*** Opening of Records supplied ***

Lemma col_repl_local c : (r < rk D Rk nu)%N -> c \in children T nu ->
  forall k mu j i, mu \in T -> nu \subset mu ->
  tens_repl W c (fun k j i => (j == r)%:R * node_tens W k.+1 c r i) k mu j i =
  local W nu r k mu j i.
Proof.
move=> rnu cnu k mu j i muT numu.
have cT := children_node cnu; have cnu' := children_proper cnu.
pose Phi k j i := (j == r)%:R * node_tens W k.+1 c r i.
have lin := tree_rec_lincomb (a0 := 1) (a := fun _ : 'I_0 => 0)
  (F1 := tens_repl W c Phi) (F0 := local W nu r) (Fb := fun=> local W nu r) nuT
  (tree_rec_tens_repl W _ cT (proper_sub cnu')) (tree_rec_tens_repl W _ nuT (subxx nu))
  (fun _ : 'I_0 => tree_rec_tens_repl W _ nuT (subxx nu)).
rewrite (lin _ k mu j i muT numu) ?big_ord0 ?addr0 ?mul1r //.
case=> [|k'] j' i'; first by rewrite big_ord0 addr0 mul1r.
rewrite big_ord0 addr0 mul1r /local /= nu_int eqxx (_ : (nu == c) = false); last first.
  by apply: contraTF cnu' => /eqP <-; rewrite properxx.
(* only the child [c] sees the replacement, and it selects the column [r] *)
have at_c r' : tens_repl W c Phi k' c r' i' =
    (r' == r)%:R * node_tens W k' c r i'.
  by case: k' => [|k'] /=; rewrite ?mulr0 // eqxx.
pose Q r' := \prod_(c' in children T nu | c' != c) node_tens W k' c' r' i'.
have prod_split r' : \prod_(c' in children T nu) tens_repl W c Phi k' c' r' i' =
    (r' == r)%:R * (node_tens W k' c r i' * Q r').
  rewrite (bigD1 c) //= at_c -mulrA; congr (_ * (_ * _)).
  apply: eq_bigr => c' /andP[c'nu c'c]; apply: tens_repl_out.
  apply: (disjoint_not_subset HT cT (subxx c)).
  by rewrite (children_disjoint HT cnu c'nu) // eq_sym.
under eq_bigr do rewrite prod_split mulrCA.
rewrite (sum_ord_delta _ _ (fun x => mx_at (W nu) x j' * (node_tens W k' c r i' * Q x))).
by rewrite rnu mul1r /node_in nu_int (bigD1 c).
Qed.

*** Close of Records supplied ***

■ Assigned task ■
Each line above must be reproduced exactly as it stands.

■ Solution for this exercise ■
Lemma col_repl_local c : (r < rk D Rk nu)%N -> c \in children T nu ->
  forall k mu j i, mu \in T -> nu \subset mu ->
  tens_repl W c (fun k j i => (j == r)%:R * node_tens W k.+1 c r i) k mu j i =
  local W nu r k mu j i.
Proof.
move=> rnu cnu k mu j i muT numu.
have cT := children_node cnu; have cnu' := children_proper cnu.
pose Phi k j i := (j == r)%:R * node_tens W k.+1 c r i.
have lin := tree_rec_lincomb (a0 := 1) (a := fun _ : 'I_0 => 0)
  (F1 := tens_repl W c Phi) (F0 := local W nu r) (Fb := fun=> local W nu r) nuT
  (tree_rec_tens_repl W _ cT (proper_sub cnu')) (tree_rec_tens_repl W _ nuT (subxx nu))
  (fun _ : 'I_0 => tree_rec_tens_repl W _ nuT (subxx nu)).
rewrite (lin _ k mu j i muT numu) ?big_ord0 ?addr0 ?mul1r //.
case=> [|k'] j' i'; first by rewrite big_ord0 addr0 mul1r.
rewrite big_ord0 addr0 mul1r /local /= nu_int eqxx (_ : (nu == c) = false); last first.
  by apply: contraTF cnu' => /eqP <-; rewrite properxx.
(* only the child [c] sees the replacement, and it selects the column [r] *)
have at_c r' : tens_repl W c Phi k' c r' i' =
    (r' == r)%:R * node_tens W k' c r i'.
  by case: k' => [|k'] /=; rewrite ?mulr0 // eqxx.
pose Q r' := \prod_(c' in children T nu | c' != c) node_tens W k' c' r' i'.
have prod_split r' : \prod_(c' in children T nu) tens_repl W c Phi k' c' r' i' =
    (r' == r)%:R * (node_tens W k' c r i' * Q r').
  rewrite (bigD1 c) //= at_c -mulrA; congr (_ * (_ * _)).
  apply: eq_bigr => c' /andP[c'nu c'c]; apply: tens_repl_out.
  apply: (disjoint_not_subset HT cT (subxx c)).
  by rewrite (children_disjoint HT cnu c'nu) // eq_sym.
under eq_bigr do rewrite prod_split mulrCA.
rewrite (sum_ord_delta _ _ (fun x => mx_at (W nu) x j' * (node_tens W k' c r i' * Q x))).
by rewrite rnu mul1r /node_in nu_int (bigD1 c).
Qed.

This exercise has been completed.